Lesebericht: Sven Felix Kellerhoff „Mein Kampf“. Die Karriere eines deutschen Buches

Donnerstag, 14. Januar 2016

Sven Felix Kellerhoff stellt in seinem Band >»Mein Kampf« – Die Karriere eines deutschen Buches den Inhalt von Hitlers Buch vor und berichtet, unter welchen Umständen dieses Pamphlet verfasst wurde, wie oft es in wie vielen Auflagen gedruckt worden ist, welche Wirkung dieses mit Lügen und Geschichtsklitterung durchsetzte Machwerk vor allem auf zögernde Zeitgenossen gehabt hat, von denen sich so manche dann doch den Nazis anschlossen.

Lange hat der Freistaat Bayern als Inhaber der Rechte an Hitlers Buch eine offizielle Neuauflage von „Mein Kampf“ verhindert. „Verbote machen attraktiv,“ (S. 9) schreibt Kellerhof und nennt die Folgen der „bayerischen Obstruktion gegen die seriöse Wissenschaft.“ (S. 11)

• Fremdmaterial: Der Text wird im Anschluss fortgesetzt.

Lemma share_ge0 j (c : point N) : 0 <= share x j c.
Proof.
rewrite /share; case: closest; last lra.
have := pos_INR (nb_closest_locs x c); have := pos_INR (nb_colocated x j) => ??.
case: (Req_dec (INR (nb_closest_locs x c) * INR (nb_colocated x j)) 0) => [-> | ?].
  by rewrite Rinv_0; lra.
by apply/Rlt_le/Rinv_0_lt_compat; nra.
Qed.

Lemma share_eq_of_leRb j (c c' : point N) :
  (fun p : 'I_n * 'I_n => leRb (dist c (x p.1)) (dist c (x p.2))) =
  (fun p => leRb (dist c' (x p.1)) (dist c' (x p.2))) ->
  share x j c = share x j c'.
Proof.
move=> cc'; have cl i : closest x c i = closest x c' i.
  by apply: eq_forallb => k; apply: (congr1 (@^~ (i, k)) cc').
rewrite /share cl; suff -> : nb_closest_locs x c = nb_closest_locs x c' by [].
by apply: eq_card => k; rewrite !inE cl.
Qed.

Lemma dist_affine_right (e : E N) q al be t :
  affine_right (fun u => dist (e, al + be * u) q) t.
Proof.
rewrite /dist /=; case: (e == q.1); repeat first
  [ apply: affine_right_const | apply: affine_right_id | apply: affine_right_min
  | apply: affine_right_abs | apply: affine_right_add | apply: affine_right_sub
  | apply: affine_right_opp | apply: affine_right_scale ].
Qed.

Lemma share_const_right j (e : E N) al be t :
  const_right (fun u => share x j (e, al + be * u)) t.
Proof.
have [d [d0 cd]] : const_right (fun u (p : 'I_n * 'I_n) =>
    leRb (dist (e, al + be * u) (x p.1)) (dist (e, al + be * u) (x p.2))) t.
  by apply: const_right_fin => p; apply: const_right_leRb; apply: dist_affine_right.
by exists d; split => // u v ut vt; apply: share_eq_of_leRb; apply: cd.
Qed.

„Mythen umranken Hitlers Buch; sie wachsen glänzend auf dem Nährboden der Unwissenheit.“ (ib.) Als eine der ärgerlichen Folgen nennt die Fehler und Halbwahrheiten in Daniels Goldhagens Hitlers willige Vollstrecker: „Das wäre kaum geschehen, wenn hierzulande eine kritische Auseinandersetzung mit Hitlers Buch gepflegt würde.“ (S. 12) Rund 80 Biographien zu Hitler berichteten kursorisch aus seinem Buch, überhaupt fehle eine eingehende Analyse von Hitlers Machwerk. Bei seinem Buch fällt der Gemeinplatz ein: Das habe ja kaum jemand gelesen… Kellerhof zeigt in seinem Kapitel „Leser“, dass das offenkundig nicht stimmt und dass nach dem Januar ’33 die Absätze des Bandes erheblich zugenommen haben.

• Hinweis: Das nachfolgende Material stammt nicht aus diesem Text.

(* Let $X$ be an exponential vector space over $\mathbb K$ and $V$ a vector space over $\mathbb K$. Then the evs $X\times V$ has a basis if and only if $X$ has a basis. Moreover (when these bases exist) $\dim(X\times V)=[\dim(X\smallsetminus X_0):\dim X_0+\dim V]$.
   Context: $\mathbb K$ is $\mathbb R$ or $\mathbb C$. An exponential vector space (evs) over a field $K$ is a partially ordered set $(X,\leq)$ with a binary operation $+$ on $X$ and a map $K\times X\to X$, $(\alpha,x)\mapsto \alpha x$, such that: (A1) $(X,+)$ is a commutative semigroup with identity $\theta$; (A2) $x\leq y$ implies $x+z\leq y+z$ and $\alpha x\leq \alpha y$ for all $z\in X$, $\alpha\in K$; (A3) $\alpha(x+y)=\alpha x+\alpha y$, $\alpha(\beta x)=(\alpha\beta)x$, $(\alpha+\beta)x\leq \alpha x+\beta x$, $1x=x$; (A4) $\alpha x=\theta$ iff $\alpha=0$ or $x=\theta$; (A5) $x+(-1)x=\theta$ iff $x\in X_0$, where $X_0:=\{z\in X: y\not\leq z \text{ for all } y\in X\smallsetminus\{z\}\}$ (the set of minimal elements, called the primitive space; it is a vector space over $K$); (A6) for each $x\in X$ there is $p\in X_0$ with $p\leq x$. For $x\in X\smallsetminus X_0$ let $L(x):=\{z\in X: z\geq \alpha x+p \text{ for some } \alpha\in K\smallsetminus\{0\},\ p\in X_0\}$. A subset $B\subseteq X\smallsetminus X_0$ generates $X\smallsetminus X_0$ if $X\smallsetminus X_0=\bigcup_{b\in B}L(b)$. Elements $x,y\in X\smallsetminus X_0$ are orderly dependent if $x\in L(y)$ or $y\in L(x)$, and orderly independent otherwise; $B$ is orderly independent if any two distinct members are orderly independent. A basis of $X\smallsetminus X_0$ is an orderly independent generating subset of $X\smallsetminus X_0$; ''$X$ has a basis'' means $X\smallsetminus X_0$ has a basis. All bases of $X\smallsetminus X_0$ have the same cardinality, denoted $\dim(X\smallsetminus X_0)$; $\dim X_0$ is the vector-space dimension of $X_0$ (taken as $0$ if $X_0=\{\theta\}$), and $\dim X:=[\dim(X\smallsetminus X_0):\dim X_0]$. The evs $X\times V$ has operations $(x_1,e_1)+(x_2,e_2)=(x_1+x_2,e_1+e_2)$, $\alpha(x,e)=(\alpha x,\alpha e)$, and order $(x_1,e_1)\leq(x_2,e_2)$ iff $x_1\leq x_2$ and $e_1=e_2$; its primitive space is $X_0\times V$. *)

From mathcomp Require Import all_boot all_algebra.
From mathcomp Require Import boolp classical_sets cardinality reals.
From mathcomp Require Import complex.

Set Implicit Arguments.
Unset Strict Implicit.
Unset Printing Implicit Defensive.

Import GRing.Theory.
Local Open Scope ring_scope.
Local Open Scope classical_set_scope.

Record evs_ops (K T : Type) := EvsOps {
  ev_le : T -> T -> Prop;
  ev_add : T -> T -> T;
  ev_zero : T;
  ev_smul : K -> T -> T }.

Section EVS.
Variables (K : fieldType) (T : Type) (o : evs_ops K T).

Local Notation le := (ev_le o).
Local Notation add := (ev_add o).
Local Notation th := (ev_zero o).
Local Notation sm := (ev_smul o).

(* primitive space X_0 : the minimal elements *)
Definition prim : set T := fun z => forall y, y <> z -> ~ le y z.

Record is_evs : Prop := IsEvs {
  ev_le_refl : forall x, le x x;
  ev_le_trans : forall x y z, le x y -> le y z -> le x z;
  ev_le_anti : forall x y, le x y -> le y x -> x = y;
  ev_addA : forall x y z, add x (add y z) = add (add x y) z;
  ev_addC : forall x y, add x y = add y x;
  ev_add0 : forall x, add th x = x;
  ev_le_add : forall x y z, le x y -> le (add x z) (add y z);
  ev_le_smul : forall (a : K) x y, le x y -> le (sm a x) (sm a y);
  ev_smulD : forall (a : K) x y, sm a (add x y) = add (sm a x) (sm a y);
  ev_smulA : forall (a b : K) x, sm a (sm b x) = sm (a * b) x;
  ev_smul_addle : forall (a b : K) x, le (sm (a + b) x) (add (sm a x) (sm b x));
  ev_smul1 : forall x, sm 1 x = x;
  ev_smul_eq0 : forall (a : K) x, sm a x = th <-> (a = 0 \/ x = th);
  ev_inv_prim : forall x, add x (sm (-1) x) = th <-> prim x;
  ev_prim_below : forall x, exists2 p, prim p & le p x }.

Definition Lset (x : T) : set T :=
  fun z => exists a : K, exists p : T, [/\ a <> 0, prim p & le (add (sm a x) p) z].

Definition generates (B : set T) : Prop :=
  B `<=` ~` prim /\ ~` prim = \bigcup_(b in B) Lset b.

Definition orderly_dep (x y : T) : Prop := Lset y x \/ Lset x y.

Definition orderly_indep (B : set T) : Prop :=
  forall x y, B x -> B y -> x <> y -> ~ orderly_dep x y.

Definition evs_basis (B : set T) : Prop :=
  B `<=` ~` prim /\ orderly_indep B /\ generates B.

Definition has_basis : Prop := exists B, evs_basis B.

End EVS.

(* Hamel basis of a subspace U (given as a set, e.g. X_0) of a carrier with a
   vector-space structure given by add, zero, scalar multiplication. *)
Section Hamel.
Variables (K : fieldType) (T : Type) (add : T -> T -> T) (zero : T)
          (sm : K -> T -> T).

Im Internet und in Antiquariaten war das rassistische, antisemitische und hasserfüllte Pamphlet immer zu haben. Jetzt am 1. Januar 2016 läuft nach 70 Jahren die gesetzliche Schutzfrist durch das Urheberrecht aus. Vor einigen Tagen das Münchner Institut für Zeitgeschichte seinen Band > Hitler, Mein Kampf. Eine kritische Edition (hrsg. im Auftrag des Instituts für Zeitgeschichte München – Berlin von Christian Hartmann, Thomas Vordermayer, Othmar Plöckinger, Roman Töppel, unter Mitarbeit von Edith Raim, Pascal Trees, Angelika Reizle, Martina Seewald-Mooser München 2016, ISBN 978-3-9814052-3-1, ca. 2000 Seiten mit farbigen Abbildungen (2 Bände), gebunden, Leinen ohne Schutzumschlag, 59 EURO) vorgestellt.

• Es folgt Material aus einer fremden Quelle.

(* Let $p\ge 1$, let $F:\mathbb{R}^p\to\mathbb{R}^p$ and $G(\boldsymbol{x}) := F(\boldsymbol{x})-\boldsymbol{x}$. Let $\boldsymbol{x}^\ast\in\mathbb{R}^p$ and let $M\in\mathbb{R}^{p\times p}$ be a fixed non-singular symmetric matrix defining $\|A\|_M := \|MAM\|_F$. Assume: (A1) $G$ is differentiable in an open convex set $D$ containing $\boldsymbol{x}^\ast$, $G(\boldsymbol{x}^\ast)=0$, $dG(\boldsymbol{x}^\ast)$ is non-singular, and for some constants $d>0$ and $K$ we have $\|dG(\boldsymbol{x})-dG(\boldsymbol{x}^\ast)\|\le K\|\boldsymbol{x}-\boldsymbol{x}^\ast\|^d$ for all $\boldsymbol{x}\in D$. (A2) There are a neighborhood $N_1$ of $\boldsymbol{x}^\ast$ with $N_1\subset D\cap S$ on which the update $\bar{\boldsymbol{x}}=\boldsymbol{x}-HG(\boldsymbol{x})$ is well-defined, a neighborhood $N_2$ of $dG(\boldsymbol{x}^\ast)^{-1}$ consisting of non-singular matrices on which the update $H\mapsto\bar H$ is well-defined, and non-negative constants $\alpha_1,\alpha_2$ such that for every $(\boldsymbol{x},H)\in N_1\times N_2$, $$\|\bar H-dG(\boldsymbol{x}^\ast)^{-1}\|_M\le\Big[1+\alpha_1\max\{\|F(\boldsymbol{x})-\boldsymbol{x}^\ast\|^d,\|\boldsymbol{x}-\boldsymbol{x}^\ast\|^d\}\Big]\|H-dG(\boldsymbol{x}^\ast)^{-1}\|_M+\alpha_2\max\{\|F(\boldsymbol{x})-\boldsymbol{x}^\ast\|^d,\|\boldsymbol{x}-\boldsymbol{x}^\ast\|^d\}.$$ Then for each $r\in(0,1)$ there exist positive constants $\epsilon(r)$ and $\delta(r)$ such that whenever $\|\boldsymbol{x}_0-\boldsymbol{x}^\ast\|<\epsilon(r)$ and $\|H_0-dG(\boldsymbol{x}^\ast)^{-1}\|_M<\delta(r)$, the sequence defined by $\boldsymbol{x}_{k+1}=\boldsymbol{x}_k-H_kG(\boldsymbol{x}_k)$, $H_{k+1}=\bar H$ evaluated at $(\boldsymbol{x}_k,H_k)$, is well-defined and converges to $\boldsymbol{x}^\ast$. Furthermore $\|\boldsymbol{x}_{k+1}-\boldsymbol{x}^\ast\|\le r\|\boldsymbol{x}_k-\boldsymbol{x}^\ast\|$ for each $k\ge 0$, and the sequences $\{\|H_k\|\}$ and $\{\|H_k^{-1}\|\}$ are uniformly bounded.
   Context: $F$ is a majorization–minimization (MM) algorithm map and $G(\boldsymbol{x})=F(\boldsymbol{x})-\boldsymbol{x}$ its residual; $dG$ denotes the Jacobian of $G$. $\|\cdot\|$ is a chosen vector norm on $\mathbb{R}^p$ and, for matrices, its induced operator norm; $\|\cdot\|_F$ is the Frobenius norm. Standing assumption: the MM map is locally convergent to $\boldsymbol{x}^\ast$ in a neighborhood $S$ of $\boldsymbol{x}^\ast$ with linear rate $\tau$, i.e. $\|F(\boldsymbol{x})-\boldsymbol{x}^\ast\|\le\tau\|\boldsymbol{x}-\boldsymbol{x}^\ast\|$ for all $\boldsymbol{x}\in S$, with $\tau\in(0,1)$. For a pair $(\boldsymbol{x},H)$ with $\boldsymbol{x}\in\mathbb{R}^p$, $H\in\mathbb{R}^{p\times p}$, define $\boldsymbol{u}=F(\boldsymbol{x})-\boldsymbol{x}$, $\boldsymbol{v}=G(F(\boldsymbol{x}))-G(\boldsymbol{x})$, and the updates $\bar{\boldsymbol{x}}=\boldsymbol{x}-HG(\boldsymbol{x})$ and $\bar H=H-H\frac{\boldsymbol{v}\boldsymbol{v}^T}{\boldsymbol{v}^T\boldsymbol{v}}+\frac{\boldsymbol{u}\boldsymbol{v}^T}{\boldsymbol{v}^T\boldsymbol{v}}$ (defined when $\boldsymbol{v}\neq 0$). *)

From HB Require Import structures.
From mathcomp Require Import all_boot all_order all_algebra.
From mathcomp Require Import all_classical all_reals all_analysis.
Set Implicit Arguments. Unset Strict Implicit. Unset Printing Implicit Defensive.
Import Order.TTheory GRing.Theory Num.Theory.
Import numFieldNormedType.Exports.
Local Open Scope classical_set_scope.
Local Open Scope ring_scope.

Im Kapitel „Inhalt“ resümiert Kellerhoff Hitlers Auskünfte über die eigene Biographie und die Grundgedanken des Buches. Wien: „.. die wahren Ursachen für sein selbstgewählt beschiedenes Leben aber verschwieg er.“ (S. 23) Wen wundert es, will doch der Autor sich ins beste Licht stellen, genauso, wie er verschweigt, dass er sich vor dem Wehrdienst im österreichisch-ungarischen Heer gedrückt hat: „Zuverlässigkeit“ S. auch S. 99-129. Mehr Boden für Deutschland, notfalls auch mit einer Allianz mit England, kaum mehr als der Schein eines Wunschdenkens. Dann der „Kampf gegen den“/ und die „Vernichtung des Marxismus“ der die krude und differenzierungslose Ablehnung aller linken Ideen, zu denen auch Bismarcks Sozialgesetzgebung zählte, einschließt. Den Waffenstillstand von 1918 schrieb er Juden, gegen die sein Hass in jenen Tagen entstand, und Marxisten zu. „Volk und Rasse“ sind weitere Stichwörter, die Propaganda. Pressefreiheit, so Kellerhof sei für Hitler nicht mehr als „straflose Volksbelügung und Volksvergiftung“ (S. 37), Beschuldigungen die nur dazu dienten, den eigenen Wahn als zielführend darzustellen. Ablehnung des Parlamentarismus, wie sein unnachgiebiger Hass auf „die Juden“: Ein radikaler, bis zu Vernichtungsfantasien reichender Antisemitismus“, (S. 49) so Kellerhoff, stehen im Zentrum von Hitlers Schrift.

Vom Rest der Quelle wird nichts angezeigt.